Awesome! I just got hired at Ulta too





Awesome discount ne? I can't wait to get my hair shampooed, I refuse to get my hair cut because I cut it myself, but I love getting my hair shampooed and my scalp massaged.

Ahhhh ._.


----------



## semantje (Aug 19, 2007)

congrats!!!


----------



## hs769 (Aug 19, 2007)

Congratadulations on your new job.. Thats great news. we dont have an Ulta out here yet but we have a sephora. I tired to get a job there once.. They only advice I have is dont spend your whole paycheck there.


----------



## Kathy (Aug 19, 2007)

I see this thread's a little old, but congrats anyway and hope you like the job!!


----------



## CoverGirl (Aug 24, 2007)

^ Thank you guys for all the congrats &amp; advice. It is much appreciated.


----------



## Shelley (Aug 24, 2007)

Congratulations! Sounds like it will be a fun place to work.

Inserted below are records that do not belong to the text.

Lemma beval_bigvee v l : beval v (bigvee l) = existsb (beval v) l.
Proof.
  induction l as [|A [|B l] IH]; cbn [bigvee existsb] in *;
    [reflexivity | now rewrite orb_false_r |].
  cbn [beval Or Neg]; rewrite IH.
  now destruct (beval v A), (beval v B || existsb (beval v) l).
Qed.

Lemma forallb_Permutation {T} (f : T -> bool) l l' :
  Permutation l l' -> forallb f l = forallb f l'.
Proof.
  induction 1; cbn; [reflexivity | now f_equal | | congruence].
  now rewrite !andb_assoc, (andb_comm (f y)).
Qed.

Lemma existsb_Permutation {T} (f : T -> bool) l l' :
  Permutation l l' -> existsb f l = existsb f l'.
Proof.
  induction 1; cbn; [reflexivity | now f_equal | | congruence].
  now rewrite !orb_assoc, (orb_comm (f y)).
Qed.

(* Derived connectives are unfolded first, so that equal formulas become equal
   Boolean atoms for [btauto]. *)
Ltac solve_tautology :=
  let v := fresh "v" in
  unfold tautology, star, Dia, Or, And, Top, Neg; intro v;
  cbn [beval map app fst snd]; rewrite ?beval_bigwedge, ?beval_bigvee;
  repeat progress (cbn [forallb existsb beval]; rewrite ?forallb_app, ?existsb_app);
  rewrite ?implb_orb; btauto.

Lemma Grz_mp_taut X Y : Grz X -> tautology (Imp X Y) -> Grz Y.
Proof. intros HX HXY; exact (Grz_mp _ _ (Grz_taut _ HXY) HX). Qed.

Lemma Grz_mp2_taut X1 X2 Y : Grz X1 -> Grz X2 -> tautology (Imp X1 (Imp X2 Y)) -> Grz Y.
Proof. intros H1 H2 H; exact (Grz_mp _ _ (Grz_mp_taut _ _ H1 H) H2). Qed.

Lemma Grz_mp3_taut X1 X2 X3 Y :
  Grz X1 -> Grz X2 -> Grz X3 -> tautology (Imp X1 (Imp X2 (Imp X3 Y))) -> Grz Y.
Proof. intros H1 H2 H3 H; exact (Grz_mp _ _ (Grz_mp2_taut _ _ _ H1 H2 H) H3). Qed.

Lemma Grz_box_taut2 X Y Z :
  tautology (Imp X (Imp Y Z)) -> Grz (Imp (Box X) (Imp (Box Y) (Box Z))).
Proof.
  intros H. apply (Grz_mp3_taut _ _ _ _ (Grz_nec _ (Grz_taut _ H)) (Grz_K X (Imp Y Z)) (Grz_K Y Z)).
  solve_tautology.
Qed.

Lemma Grz_box_lift C Y :
  Grz (Imp (bigwedge (map Box C)) Y) -> Grz (Imp (bigwedge (map Box C)) (Box Y)).
Proof.
  revert Y; induction C as [|c C IH]; intros Y H.
  - apply (Grz_mp_taut (Box Y)); [apply Grz_nec, (Grz_mp_taut _ _ H)|]; solve_tautology.
  - assert (H' : Grz (Imp (bigwedge (map Box C)) (Imp (Box c) Y)))
      by (apply (Grz_mp_taut _ _ H); solve_tautology).
    apply (Grz_mp3_taut _ _ _ _ (IH _ H') (Grz_K (Box c) Y) (Grz_4 c)); solve_tautology.
Qed.

Lemma Grz_box_lift_star L Pi Y :
  Grz (Imp (bigwedge (map star L ++ map Box Pi)) Y) ->
  Grz (Imp (bigwedge (map star L ++ map Box Pi)) (Box Y)).
Proof.
  replace (map star L ++ map Box Pi) with (map Box (map (fun A => Imp A (Box A)) L ++ Pi))
    by (now rewrite map_app, map_map).
  apply Grz_box_lift.
Qed.

Definition GrzSeq (G D : list formula) : Prop := Grz (Imp (bigwedge G) (bigvee D)).

Lemma GrzSeq_perm G D G' D' :
  Permutation G G' -> Permutation D D' -> GrzSeq G D -> GrzSeq G' D'.
Proof.
  intros HG HD H; apply (Grz_mp_taut _ _ H); intro v; cbn [beval].
  rewrite !beval_bigwedge, !beval_bigvee, (forallb_Permutation _ _ _ HG),
    (existsb_Permutation _ _ _ HD).
  apply implb_same.
Qed.

Lemma posL_nil p : posL [] p <-> False.
Proof. unfold posL; cbn; firstorder. Qed.
Lemma negL_nil p : negL [] p <-> False.
Proof. unfold negL; cbn; firstorder. Qed.
Lemma posL_cons A l p : posL (A :: l) p <-> pos A p \/ posL l p.
Proof. unfold posL; cbn; firstorder (subst; auto). Qed.
Lemma negL_cons A l p : negL (A :: l) p <-> neg A p \/ negL l p.
Proof. unfold negL; cbn; firstorder (subst; auto). Qed.
Lemma posL_app l l' p : posL (l ++ l') p <-> posL l p \/ posL l' p.
Proof. unfold posL; setoid_rewrite in_app_iff; firstorder. Qed.
Lemma negL_app l l' p : negL (l ++ l') p <-> negL l p \/ negL l' p.
Proof. unfold negL; setoid_rewrite in_app_iff; firstorder. Qed.
Lemma posL_Permutation l l' p : Permutation l l' -> posL l p <-> posL l' p.
Proof. intros H; unfold posL; now setoid_rewrite H. Qed.
Lemma negL_Permutation l l' p : Permutation l l' -> negL l p <-> negL l' p.
Proof. intros H; unfold negL; now setoid_rewrite H. Qed.

Definition interpolant_atoms (I : formula) (s1 s2 : sequent) : Prop :=
  (forall p, pos I p -> negS s1 p /\ posS s2 p) /\
  (forall p, neg I p -> posS s1 p /\ negS s2 p).

Definition interpolant (L1 L2 : list formula) (s1 s2 : sequent) (I : formula) : Prop :=
  interpolant_atoms I s1 s2 /\
  GrzSeq (map star L1 ++ fst s1) (snd s1 ++ [I]) /\
  GrzSeq (map star L2 ++ I :: fst s2) (snd s2).

Ltac solve_atoms :=
  unfold interpolant_atoms, posS, negS in *; cbn [fst snd] in *;
  repeat match goal with H : _ /\ _ |- _ => destruct H end;
  split; let q := fresh "q" in intros q;
  repeat match goal with H : forall _ : nat, _ |- _ => specialize (H q) end;
  repeat progress rewrite ?posL_cons, ?negL_cons, ?posL_app, ?negL_app, ?posL_nil, ?negL_nil in *;
  unfold pos, neg in *; cbn [pol negb Neg Top And Or Dia] in *; intuition (try discriminate).

Lemma interpolant_perm L1 L2 G1 D1 G2 D2 G1' D1' G2' D2' I :
  Permutation G1 G1' -> Permutation D1 D1' -> Permutation G2 G2' -> Permutation D2 D2' ->
  interpolant L1 L2 (G1', D1') (G2', D2') I -> interpolant L1 L2 (G1, D1) (G2, D2) I.
Proof.
  intros HG1 HD1 HG2 HD2 (HI & H1 & H2); cbn [fst snd] in *; split; [|split].
  - unfold interpolant_atoms, posS, negS in *; cbn [fst snd] in *.
    split; intros p; rewrite ?(posL_Permutation _ _ p HG1), ?(negL_Permutation _ _ p HG1),
      ?(posL_Permutation _ _ p HD1), ?(negL_Permutation _ _ p HD1),
      ?(posL_Permutation _ _ p HG2), ?(negL_Permutation _ _ p HG2),
      ?(posL_Permutation _ _ p HD2), ?(negL_Permutation _ _ p HD2); apply HI.
  - refine (GrzSeq_perm _ _ _ _ _ _ H1); symmetry;
      [apply Permutation_app_head | apply Permutation_app_tail]; assumption.
  - refine (GrzSeq_perm _ _ _ _ _ _ H2); symmetry; [|assumption].
    apply Permutation_app_head, perm_skip; assumption.
Qed.

Lemma interpolant_swap L1 L2 s1 s2 I :
  interpolant L1 L2 s1 s2 I -> interpolant L2 L1 s2 s1 (Neg I).
Proof.
  destruct s1 as [G1 D1], s2 as [G2 D2]; intros (HI & H1 & H2); split; [|split].
  - solve_atoms.
  - apply (Grz_mp_taut _ _ H2); solve_tautology.
  - apply (Grz_mp_taut _ _ H1); solve_tautology.
Qed.

Lemma interpolant_impL L1 L2 A B G D s2 K1 K2 :
  interpolant L1 L2 (B :: G, D) s2 K1 -> interpolant L1 L2 (G, A :: D) s2 K2 ->
  interpolant L1 L2 (Imp A B :: G, D) s2 (Or K1 K2).
Proof.
  destruct s2 as [G2 D2]; intros (HI1 & H11 & H12) (HI2 & H21 & H22); split; [|split].
  - solve_atoms.
  - apply (Grz_mp2_taut _ _ _ H11 H21); solve_tautology.
  - apply (Grz_mp2_taut _ _ _ H12 H22); solve_tautology.
Qed.

Lemma interpolant_impR L1 L2 A B G D s2 K :
  interpolant L1 L2 (A :: G, B :: D) s2 K -> interpolant L1 L2 (G, Imp A B :: D) s2 K.
Proof.
  destruct s2 as [G2 D2]; intros (HI & H1 & H2); split; [|split].
  - solve_atoms.
  - apply (Grz_mp_taut _ _ H1); solve_tautology.
  - exact H2.
Qed.

Lemma interpolant_refl L1 L2 B G D s2 K :
  interpolant L1 L2 (B :: Box B :: G, D) s2 K -> interpolant L1 L2 (Box B :: G, D) s2 K.
Proof.
  destruct s2 as [G2 D2]; intros (HI & H1 & H2); split; [|split].
  - solve_atoms.
  - apply (Grz_mp2_taut _ _ _ H1 (Grz_T B)); solve_tautology.
  - exact H2.
Qed.

Lemma interpolant_box_star L1 L2 A G D s2 K :
  In A L1 -> interpolant L1 L2 (G, A :: D) s2 K -> interpolant L1 L2 (G, Box A :: D) s2 K.
Proof.
  destruct s2 as [G2 D2]; intros HA (HI & H1 & H2); split; [|split].
  - solve_atoms.
  - apply in_split in HA as (La & Lb & ->).
    apply (Grz_mp2_taut _ _ _ H1 (Grz_T (Imp A (Box A)))); rewrite map_app; solve_tautology.
  - exact H2.
Qed.

Lemma interpolant_box L1 L2 A G1 Pi1 D1 G2 Pi2 D2 J :
  interpolant (A :: L1) L2 (map Box Pi1, [A]) (map Box Pi2, []) J ->
  interpolant L1 L2 (G1 ++ map Box Pi1, Box A :: D1) (G2 ++ map Box Pi2, D2) (Dia J).
Proof.
  intros (HI & H1 & H2); split; [|split].
  - solve_atoms.
  - assert (HA : Grz (Imp (bigwedge (map star L1 ++ map Box Pi1))
                         (Box (Imp (star A) (Or A J))))).
    { apply Grz_box_lift_star, (Grz_mp_taut _ _ H1); solve_tautology. }
    assert (HK : Grz (Imp (Box (Imp (star A) (Or A J)))
                          (Imp (Box (Neg J)) (Box (Imp (star A) A)))))
      by (apply Grz_box_taut2; solve_tautology).
    apply (Grz_mp3_taut _ _ _ _ HA HK (Grz_grz A)); solve_tautology.
  - assert (HJ : Grz (Imp (bigwedge (map star L2 ++ map Box Pi2)) (Box (Neg J)))).
    { apply Grz_box_lift_star, (Grz_mp_taut _ _ H2); solve_tautology. }
    apply (Grz_mp_taut _ _ HJ); solve_tautology.
Qed.

Lemma interpolant_ax_Bot L1 L2 p G D s2 :
  In (Var p) G -> In (Var p) D -> interpolant L1 L2 (G, D) s2 Bot.
Proof.
  destruct s2 as [G2 D2]; intros HG HD.
  apply in_split in HG as (Ga & Gb & ->); apply in_split in HD as (Da & Db & ->).
  split; [|split]; [solve_atoms | apply Grz_taut; solve_tautology ..].
Qed.

Lemma interpolant_ax_Var L1 L2 p G1 D1 G2 D2 :
  In (Var p) G1 -> In (Var p) D2 -> interpolant L1 L2 (G1, D1) (G2, D2) (Var p).
Proof.
  intros HG HD.
  apply in_split in HG as (Ga & Gb & ->); apply in_split in HD as (Da & Db & ->).
  split; [|split]; [solve_atoms | apply Grz_taut; solve_tautology ..].
Qed.

Lemma interpolant_botL L1 L2 G D s2 : In Bot G -> interpolant L1 L2 (G, D) s2 Bot.
Proof.
  destruct s2 as [G2 D2]; intros HG; apply in_split in HG as (Ga & Gb & ->).
  split; [|split]; [solve_atoms | apply Grz_taut; solve_tautology ..].
Qed.

Definition splits (s s1 s2 : sequent) : Prop :=
  Permutation (fst s) (fst s1 ++ fst s2) /\ Permutation (snd s) (snd s1 ++ snd s2).

Definition interpolable (L1 L2 : list formula) (s : sequent) : Prop :=
  forall s1 s2, splits s s1 s2 -> exists I, interpolant L1 L2 s1 s2 I.

Lemma splits_sym s s1 s2 : splits s s1 s2 -> splits s s2 s1.
Proof.
  intros [HG HD]; split; (etransitivity; [eassumption | apply Permutation_app_comm]).
Qed.

Lemma interpolable_sym L1 L2 s : interpolable L1 L2 s -> interpolable L2 L1 s.
Proof.
  intros H s1 s2 Hs; destruct (H s2 s1 (splits_sym _ _ _ Hs)) as [I HI].
  exists (Neg I); apply interpolant_swap, HI.
Qed.

(* [P] collects the hypotheses on the premises of a rule and [Q s1] says that its
   principal formula lies in [s1]. *)
Lemma interpolable_wlog (P : list formula -> list formula -> Prop) (Q : sequent -> Prop) s :
  (forall L1 L2, P L1 L2 -> P L2 L1) ->
  (forall s1 s2, splits s s1 s2 -> Q s1 \/ Q s2) ->
  (forall L1 L2 s1 s2, P L1 L2 -> splits s s1 s2 -> Q s1 -> exists I, interpolant L1 L2 s1 s2 I) ->
  forall L1 L2, P L1 L2 -> interpolable L1 L2 s.
Proof.
  intros Psym Qcases Hside L1 L2 HP s1 s2 Hs.
  destruct (Qcases s1 s2 Hs) as [HQ | HQ]; [exact (Hside _ _ _ _ HP Hs HQ) |].
  destruct (Hside _ _ _ _ (Psym _ _ HP) (splits_sym _ _ _ Hs) HQ) as [I HI].
  exists (Neg I); apply interpolant_swap, HI.
Qed.

Lemma splits_In_fst A G D s1 s2 :
  In A G -> splits (G, D) s1 s2 -> In A (fst s1) \/ In A (fst s2).
Proof. intros HA [HG _]; apply in_app_iff, (Permutation_in _ HG HA). Qed.

Lemma splits_In_snd A G D s1 s2 :
  In A D -> splits (G, D) s1 s2 -> In A (snd s1) \/ In A (snd s2).
Proof. intros HA [_ HD]; apply in_app_iff, (Permutation_in _ HD HA). Qed.

Lemma Permutation_cons_app_l {T} (a : T) l U V :
  Permutation (a :: l) (U ++ V) -> In a U ->
  exists U', Permutation U (a :: U') /\ Permutation l (U' ++ V).
Proof.
  intros HP Ha; apply in_split in Ha as (U1 & U2 & ->).
  exists (U1 ++ U2); split; [symmetry; apply Permutation_middle |].
  apply (Permutation_cons_inv (a := a)); rewrite HP, <- !app_assoc; cbn.
  symmetry; apply Permutation_middle.
Qed.

Lemma Permutation_cons_app_r {T} (a : T) l U V :
  Permutation (a :: l) (U ++ V) -> In a V ->
  exists V', Permutation V (a :: V') /\ Permutation l (U ++ V').
Proof.
  intros HP Ha; rewrite Permutation_app_comm in HP.
  destruct (Permutation_cons_app_l _ _ _ _ HP Ha) as (V' & HV & Hl).
  exists V'; split; [exact HV | rewrite Hl; apply Permutation_app_comm].
Qed.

I have never tried but heard that Bourjous and Smashbox are excellent cosmetic lines.


----------



## stardustfairy (Aug 24, 2007)

Most of the employees at my Ulta appear to be really snobby and stuck-up, otherwise I'd apply there for a job too. I hope all of the employees at your store are nice and fun to work with. Let us know what you get with your employee discount!


----------